In the same year of 1833 when the Washington Monument Committee proposed constructing a hollow obelisk taller than any building in the world at 500ft, another solid granite obelisk 75 ft high and weighing over 250 tons arrived in Paris from the Luxor temple to Amun-Ra. A purpose-built flat bottomed seagoing barge had sailed up the Nile to Luxor where 300 workmen dug a canal to allow the ship to come close to the obelisk. A French paddle ship ‘The Sphinx’ then towed the barge from Alexandria to Cherbourg. The re-erection of the obelisk on the Place de la Concorde was carefully planned by King Louis-Philippe I, the Grand Master of the Grand Orient de France.
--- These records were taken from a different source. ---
Lemma totd_single {k j e} : (forall p q, (p, q) <> (k, j) -> e p q = 0) ->
  [/\ totd e k.+1 j = d' k j (e k j), totd e k j.+1 = d'' k j (e k j) &
      forall p q, (p, q) <> (k.+1, j) -> (p, q) <> (k, j.+1) -> totd e p q = 0].
Proof.
move=> e0; split.
- rewrite /Defs.totd bgaddE (@dv_supp _ k.+1) ?addr0 // => q' _.
  by apply: e0 => -[]; lia.
- rewrite /Defs.totd bgaddE (@dh_supp _ k j.+1) ?add0r // => p' _.
  by apply: e0 => -[]; lia.
- move=> p q ph pv; apply: totd_supp => [p' pE | q' qE]; apply: e0 => -[E1 E2].
    by apply: ph; rewrite pE E1 E2.
  by apply: pv; rewrite qE E1 E2.
Qed.

(* The support of K^{n-1}, with K^{-1} = 0. *)
Definition Tot_prev n (c : BG) := forall p q, (p + q).+1 <> n -> c p q = 0.

Lemma Tot_totd {n c} : Tot_prev n c -> Tot n (totd c).
Proof.
move=> c0 p q pqn; apply: totd_supp => [p' pE | q' qE]; apply: c0.
  by move: pqn; rewrite pE addSn.
by move: pqn; rewrite qE addnS.
Qed.

Lemma Tot_add {n x y} : Tot n x -> Tot n y -> Tot n (bgadd x y).
Proof. by move=> x0 y0 p q pqn; rewrite bgaddE x0 // y0 // addr0. Qed.

Lemma Tot_opp {n x} : Tot n x -> Tot n (bgopp x).
Proof. by move=> x0 p q pqn; rewrite bgoppE x0 // oppr0. Qed.

Lemma KI_Tot {n m} : KI n m -> Tot n m.
Proof. by move=> [m0 _] p q pqn; apply: m0 => -[pE qE]; apply: pqn; rewrite pE qE addn0. Qed.

Lemma KI0 n : KI n bg0.
Proof. by split => //; rewrite raddf0. Qed.

Lemma KI_add {n x y} : KI n x -> KI n y -> KI n (bgadd x y).
Proof.
move=> [x0 dx] [y0 dy]; split => [p q pq|]; rewrite bgaddE ?raddfD.
  by rewrite x0 // y0 // addr0.
by rewrite dx dy addr0.
Qed.

Lemma KI_opp {n x} : KI n x -> KI n (bgopp x).
Proof.
move=> [x0 dx]; split => [p q pq|]; rewrite bgoppE ?raddfN.
  by rewrite x0 // oppr0.
by rewrite dx oppr0.
Qed.

Hypothesis dd0 : forall x : BG, totd (totd x) = bg0.

(* For z in K^n this says that z is a cycle modulo K_I. *)
Definition d_concentrated n (z : BG) :=
  forall p q, (p, q) <> (n.+1, 0%N) -> totd z p q = 0.

Lemma d_concentrated_add {n x y} :
  d_concentrated n x -> d_concentrated n y -> d_concentrated n (bgadd x y).
Proof. by move=> dx dy p q pq; rewrite totdD bgaddE dx // dy // addr0. Qed.

Lemma d_concentrated_opp {n x} : d_concentrated n x -> d_concentrated n (bgopp x).
Proof. by move=> dx p q pq; rewrite totdN bgoppE dx // oppr0. Qed.

Lemma d_concentrated_totd n c : d_concentrated n (totd c).
Proof. by move=> p q _; rewrite dd0. Qed.

Lemma d_concentrated_cycle {n z} : totd z = bg0 -> d_concentrated n z.
Proof. by move=> dz p q _; rewrite dz. Qed.

Lemma d''_leftmost_column {n k q z} : d_concentrated n z ->
  (forall p q, (p < k)%N -> z p q = 0) -> d'' k q (z k q) = 0.
Proof.
move=> dz zk; have kq : (k, q.+1) <> (n.+1, 0%N) by case.
have := dz _ _ kq; rewrite /Defs.totd bgaddE /= dh_supp ?add0r //.
by move=> p' kE; apply: zk; rewrite kE.
Qed.

Lemma KI_d_concentrated {n m} : KI n m -> d_concentrated n m.
Proof.
move=> [m0 dm] p q pq; rewrite /Defs.totd bgaddE dh_supp ?add0r; last first.
  by move=> p' pE; apply: m0 => -[p'E qE]; apply: pq; rewrite pE p'E qE.
case: q pq => [|q] pq //=.
have [[-> ->]|pq'] := pselect ((p, q) = (n, 0%N)); first by rewrite dm.
by rewrite m0 // raddf0.
Qed.

Lemma KI_totd {n m} : KI n m -> KI n.+1 (totd m).
Proof.
move=> Im; split; first exact: KI_d_concentrated.
have := f_equal (fun x => x n.+1 1%N) (dd0 m).
by rewrite {1}/Defs.totd bgaddE /= (@KI_d_concentrated n) // raddf0 add0r.
Qed.

Hypothesis cont_d' : forall p q, continuous (d' p q).
Hypothesis open_d'' : forall p q (U : set (K p q)), open U ->
  exists O : set (K p q.+1), open O /\ d'' p q @` U = O `&` [set z | d'' p q.+1 z = 0].

Lemma nbhs_lift_d' {Op Nc : forall p q, set (K p q)} :
  (forall p q, nbhs 0 (Op p q)) -> (forall p q, nbhs 0 (Nc p q)) ->
  exists A U : forall p q, set (K p q), [/\ forall p q, nbhs 0 (A p q),
    forall p q, open (U p q) /\ U p q 0 &
    forall p q y, U p q y -> Nc p q (- y) /\ forall x, A p.+1 q x -> Op p.+1 q (x - d' p q y)].
Proof.
move=> Op0 Nc0.
have /dchoice2 [AB AB0] p q : exists AB : set (K p q) * set (K p q),
    [/\ nbhs 0 AB.1, nbhs 0 AB.2 & forall x y, AB.1 x -> AB.2 y -> Op p q (x - y)].
  by have [A [B ?]] := nbhs0_subr (Op0 p q); exists (A, B).
pose V p q := [set y : K p q | Nc p q (- y) /\ (AB p.+1 q).2 (d' p q y)].
have V0 p q : nbhs 0 (V p q).
  apply: filterI.
    by apply: (@nbhs_preimage _ _ -%R); [exact: opp_continuous | rewrite oppr0; exact: Nc0].
  apply: (@nbhs_preimage _ _ (d' p q)); first exact: cont_d'.
  by rewrite raddf0; case: (AB0 p.+1 q) => _ ? _.
have /dchoice2 [U U0] p q : exists U : set (K p q), [/\ open U, U 0 & U `<=` V p q].
  exact: nbhs_open_sub (V0 p q).
exists (fun p q => (AB p q).1), U; split=> [p q|p q|p q y Uy].
- by case: (AB0 p q).
- by case: (U0 p q).
have [_ _ /(_ y Uy) [Ncy By]] := U0 p q; split=> // x Ax.
by case: (AB0 p.+1 q) => _ _; apply.
Qed.

Lemma staircase_step {n k j} {Op Nc : forall p q, set (K p q)} : (k + j.+1)%N = n ->
  (forall p q, nbhs 0 (Op p q)) -> (forall p q, nbhs 0 (Nc p q)) ->
  exists2 O : forall p q, set (K p q), (forall p q, nbhs 0 (O p q)) &
  forall z, Tot n z -> (forall p q, (p < k)%N -> z p q = 0) -> d_concentrated n z ->
    (forall p q, O p q (z p q)) ->
  exists e, [/\ forall p q, (p, q) <> (k, j) -> e p q = 0, Nc k j (- e k j),
    forall p q, (p <= k)%N -> bgsub z (totd e) p q = 0 &
    forall p q, Op p q (bgsub z (totd e) p q)].
Proof.
move=> nkj Op0 Nc0.
have [A [U [A0 U0 UOp]]] := nbhs_lift_d' Op0 Nc0.
have /dchoice2 [Oim Oim0] p q : exists O : set (K p q.+1),
    open O /\ d'' p q @` U p q = O `&` [set z | d'' p q.+1 z = 0].
  by apply: open_d''; case: (U0 p q).
(* The last factor cuts d''(U) out of the d''-cocycles, so that a small cocycle
   z^{k,j+1} is d'' e for some e in U. *)
exists (fun p q => Op p q `&` A p q `&`
  match q as q0 return set (K p q0) with 0 => setT | q'.+1 => Oim p q' end).
  move=> p q; apply: filterI; first exact: filterI.
  case: q => [|q] /=; first exact: filterT.
  apply: open_nbhs_nbhs; split; first by case: (Oim0 p q).
  have : (d'' p q @` U p q) 0 by exists 0; [case: (U0 p q) | rewrite raddf0].
  by rewrite (Oim0 p q).2 => -[].
move=> z Tz zk dz zO.
have /dchoice2 [E EP] p q : exists x : K p q,
    (p, q) = (k, j) -> U p q x /\ d'' p q x = z p q.+1.
  have [[-> ->]|kj] := pselect ((p, q) = (k, j)); last by exists 0 => /kj.
  have : (d'' k j @` U k j) (z k j.+1).
    by rewrite (Oim0 k j).2; split; [case: (zO k j.+1) | exact: d''_leftmost_column dz zk].
  by case=> y Uy dy; exists y.
pose e : BG := fun p q => if (p == k) && (q == j) then E p q else 0.
have e0 p q : (p, q) <> (k, j) -> e p q = 0.
  by rewrite /e; case: eqP => [->|//]; case: eqP => [->|//].
have [Uekj dekj] : U k j (e k j) /\ d'' k j (e k j) = z k j.+1 by rewrite /e !eqxx; exact: EP.
have [de_h de_v de0] := totd_single e0.
have z'0 p q : (p <= k)%N -> bgsub z (totd e) p q = 0.
  move=> pk; rewrite bgsubE.
  have [[-> ->]|pq] := pselect ((p, q) = (k, j.+1)); first by rewrite de_v dekj subrr.
  have pk1 : (p, q) <> (k.+1, j) by case=> pE _; rewrite pE ltnn in pk.
  rewrite de0 // subr0; have [/zk -> //|kp] := ltnP p k.
  by apply: Tz => pqn; apply: pq; congr pair; lia.
have [Nce AOp] := UOp k j _ Uekj.
exists e; split => // p q.
have [[-> ->]|pk1] := pselect ((p, q) = (k.+1, j)).
  by rewrite bgsubE de_h; apply: AOp; case: (zO k.+1 j) => -[].
have [[-> ->]|pq] := pselect ((p, q) = (k, j.+1)).
  by rewrite z'0 //; exact: nbhs_singleton (Op0 _ _).
by rewrite bgsubE de0 // subr0; case: (zO p q) => -[].
Qed.

Lemma staircase {n j} {Nc Nm : forall p q, set (K p q)} : (j <= n)%N ->
  (forall p q, nbhs 0 (Nc p q)) -> (forall p q, nbhs 0 (Nm p q)) ->
  exists2 O : forall p q, set (K p q), (forall p q, nbhs 0 (O p q)) &
  forall z, Tot n z -> (forall p q, (p < n - j)%N -> z p q = 0) -> d_concentrated n z ->
    (forall p q, O p q (z p q)) ->
  exists c m, [/\ Tot_prev n c, forall p q, (p < n - j)%N -> c p q = 0,
    forall p q, Nc p q (c p q), KI n m /\ Nm n 0%N (m n 0%N) & z = bgsub m (totd c)].
Proof.
move=> + Nc0 Nm0; elim: j => [_|j IH jn].
  exists Nm => // z Tz z0 dz zNm; rewrite subn0 in z0.
  exists bg0, z; split => //.
  - by move=> p q; exact: nbhs_singleton (Nc0 p q).
  - split=> //; split.
      move=> p q pq; have [/z0 -> //|np] := ltnP p n.
      by apply: Tz => pqn; apply: pq; congr pair; lia.
    exact: d''_leftmost_column dz z0.
  - by rewrite totd0; apply: bgext => p q; rewrite bgsubE bg0E subr0.
have [Op Op0 IHz] := IH (ltnW jn).
have nkj : (n - j.+1 + j.+1)%N = n by rewrite subnK.
have [Q Q0 stepz] := staircase_step nkj Op0 Nc0.
exists Q => // z Tz zk dz zQ.
have [e [e0 Nce z'0 z'Op]] := stepz z Tz zk dz zQ.
have Te : Tot_prev n e by move=> p q pqn; apply: e0 => -[pE qE]; apply: pqn; lia.
have Tz' : Tot n (bgsub z (totd e)) by exact: Tot_add Tz (Tot_opp (Tot_totd Te)).
have z'k p q : (p < n - j)%N -> bgsub z (totd e) p q = 0 by move=> pk; apply: z'0; lia.
have dz' : d_concentrated n (bgsub z (totd e)).
  exact: d_concentrated_add dz (d_concentrated_opp (d_concentrated_totd _ _)).
have [c [m [Tc ck Ncc Im zE]]] := IHz _ Tz' z'k dz' z'Op.
exists (bgsub c e), m; split => //.
- by move=> p q pqn; rewrite bgsubE Tc // Te // subr0.
- move=> p q pk; rewrite bgsubE ck ?e0 ?subr0 //; last lia.
  by case=> pE _; lia.
- move=> p q; have [[-> ->]|pq] := pselect ((p, q) = ((n - j.+1)%N, j)).
    by rewrite bgsubE ck ?sub0r //; lia.
  by rewrite bgsubE e0 // subr0.
- apply: bgext => p q; have := f_equal (fun x => x p q) zE.
  rewrite totdB !bgsubE; move: (m p q) (totd c p q) (totd e p q) => x y u /eqP.
  by rewrite subr_eq => /eqP ->; rewrite opprB addrA [LHS]addrAC.
Qed.

Lemma decomp_near {n s} {Nc Nm : forall p q, set (K p q)} :
  Tot n s -> d_concentrated n s ->
  (forall p q, nbhs 0 (Nc p q)) -> (forall p q, nbhs 0 (Nm p q)) ->
  exists V : forall p q, set (K p q), [/\ forall p q, open (V p q), forall p q, V p q (s p q) &
    forall y, Tot n y -> (forall p q, (p + q)%N = n -> V p q (y p q)) -> d_concentrated n y ->
    exists c m, [/\ Tot_prev n c, forall p q, Nc p q (c p q), KI n m /\ Nm n 0%N (m n 0%N) &
      y = bgadd s (bgsub m (totd c))]].
Proof.
move=> Ts ds Nc0 Nm0.
have [Q Q0 decomp] := staircase (leqnn n) Nc0 Nm0.
have /dchoice2 [B B0] p q : exists B : set (K p q), [/\ open B, B 0 & B `<=` Q p q].
  exact: nbhs_open_sub (Q0 p q).
exists (fun p q => [set y | B p q (y - s p q)]); split.
- by move=> p q; have [oB _ _] := B0 p q; exact: open_translate.
- by move=> p q /=; rewrite subrr; case: (B0 p q).
move=> y Ty yB dy.
have Tys : Tot n (bgsub y s) := Tot_add Ty (Tot_opp Ts).
have ys0 p q : (p < n - n)%N -> bgsub y s p q = 0 by rewrite subnn.
have dys : d_concentrated n (bgsub y s) := d_concentrated_add dy (d_concentrated_opp ds).
have ysQ p q : Q p q (bgsub y s p q).
  have [pqn|/eqP pqn] := eqVneq (p + q)%N n.
    by case: (B0 p q) => _ _; apply; exact: yB.
  by rewrite bgsubE Ty // Ts // subrr; exact: nbhs_singleton (Q0 p q).
have [c [m [Tc _ Ncc Im ysE]]] := decomp _ Tys ys0 dys ysQ.
exists c, m; split => //.
by rewrite -ysE; apply: bgext => p q; rewrite bgaddE bgsubE addrC subrK.
Qed.

Lemma cyc_open_of_local (A : cplx K) n (S : set BG) :
  cS A n = Tot n -> copen A n = Tot_open n -> cN A n `<=` Tot n -> cN A n bg0 ->
  (forall a b, cN A n a -> cN A n b -> cN A n (bgsub a b)) ->
  (forall x m, cN A n m -> cyc A n x -> cyc A n (bgadd x m)) ->
  (forall x m, cN A n m -> S (bgadd x m) -> S x) -> S `<=` cyc A n ->
  (forall s, S s -> exists V : forall p q, set (K p q),
     [/\ forall p q, open (V p q), forall p q, V p q (s p q) &
     forall y, Tot n y -> (forall p q, (p + q)%N = n -> V p q (y p q)) -> cyc A n y -> S y]) ->
  cyc_open A n S.
Proof.
move=> SE oE NT N0 NB Csat Ssat SC loc.
(* The [cN A n]-saturation of the union of all product neighbourhoods as in [loc]. *)
pose O := [set x | Tot n x /\ exists2 m, cN A n m & exists V : forall p q, set (K p q),
  [/\ forall p q, open (V p q), forall p q, V p q (bgadd x m p q) &
  forall y, Tot n y -> (forall p q, (p + q)%N = n -> V p q (y p q)) -> cyc A n y -> S y]].
exists O; split; [split; [|split] | apply/seteqP; split].
- by rewrite SE; move=> x [].
- move=> x m0 [Tx [m Nm xm]] Nm0; split; first exact: Tot_add Tx (NT _ Nm0).
  exists (bgsub m m0); first exact: NB.
  suff -> : bgadd (bgadd x m0) (bgsub m m0) = bgadd x m by [].
  by apply: bgext => p q; rewrite !bgaddE bgsubE addrACA subrr addr0.
- rewrite oE; split=> [x [] //|x].
  case=> Tx [m Nm [V [oV xV SV]]].
  exists (fun p q => [set y | V p q (y + m p q)]); split=> [p q _|y Ty yV].
    by split; [exact: open_translate | exact: xV].
  split=> //; exists m => //; exists V; split => // p q.
  have [/yV //|/eqP pqn] := eqVneq (p + q)%N n.
  by have := xV p q; rewrite !bgaddE Tx // Ty.
- move=> s Ss; split; last exact: SC.
  have [Ts _] := SC _ Ss; rewrite SE in Ts.
  by split=> //; exists bg0 => //; rewrite bgaddx0; exact: loc.
- move=> x [[Tx [m Nm [V [_ xV SV]]]] Cx]; apply: (Ssat _ _ Nm); apply: SV.
  + exact: Tot_add Tx (NT _ Nm).
  + by move=> p q _; exact: xV.
  + exact: Csat.
Qed.

Lemma qopen_prev_nbhs (A : cplx K) {n} {V : set BG} {b} :
  (forall n, copen A n = Tot_open n) -> qopen_prev A n V -> V b ->
  exists2 Nc : forall p q, set (K p q), (forall p q, nbhs 0 (Nc p q)) &
    forall c, Tot_prev n c -> (forall p q, Nc p q (c p q)) -> V (bgadd b c).
Proof.
move=> oE; case: n => [|n] /= oV Vb.
  exists (fun p q => setT) => [p q|c c0 _]; first exact: filterT.
  suff -> : bgadd b c = b by [].
  by apply: bgext => p q; rewrite bgaddE c0 // addr0.
have [_ [_]] := oV; rewrite oE => -[VT /(_ b Vb) [W [W0 WV]]].
exists (fun p q => if (p + q == n)%N then [set y | W p q (b p q + y)] else setT).
  move=> p q; case: eqP => [pqn|_]; last exact: filterT.
  by have [oW Wb] := W0 p q pqn; exact: nbhs0_translate.
move=> c c0 cW; apply: WV.
  by apply: Tot_add (VT _ Vb) _ => p q pqn; apply: c0 => -[].
by move=> p q pqn; have := cW p q; rewrite pqn eqxx.
Qed.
Other much smaller obelisks made their way to Europe. One, the Boboli obelisk, was purchased In the sixteenth century, by Cardinal Ferdinand I de’ Medici and placed it in the gardens of the Villa Medici. Later, in 1788, Grand Duke Peter Leopold of Tuscany and Lorraine, son of Holy Roman Emperor Francis I, the first royal Master Mason, transferred the obelisk to his residence in Florence.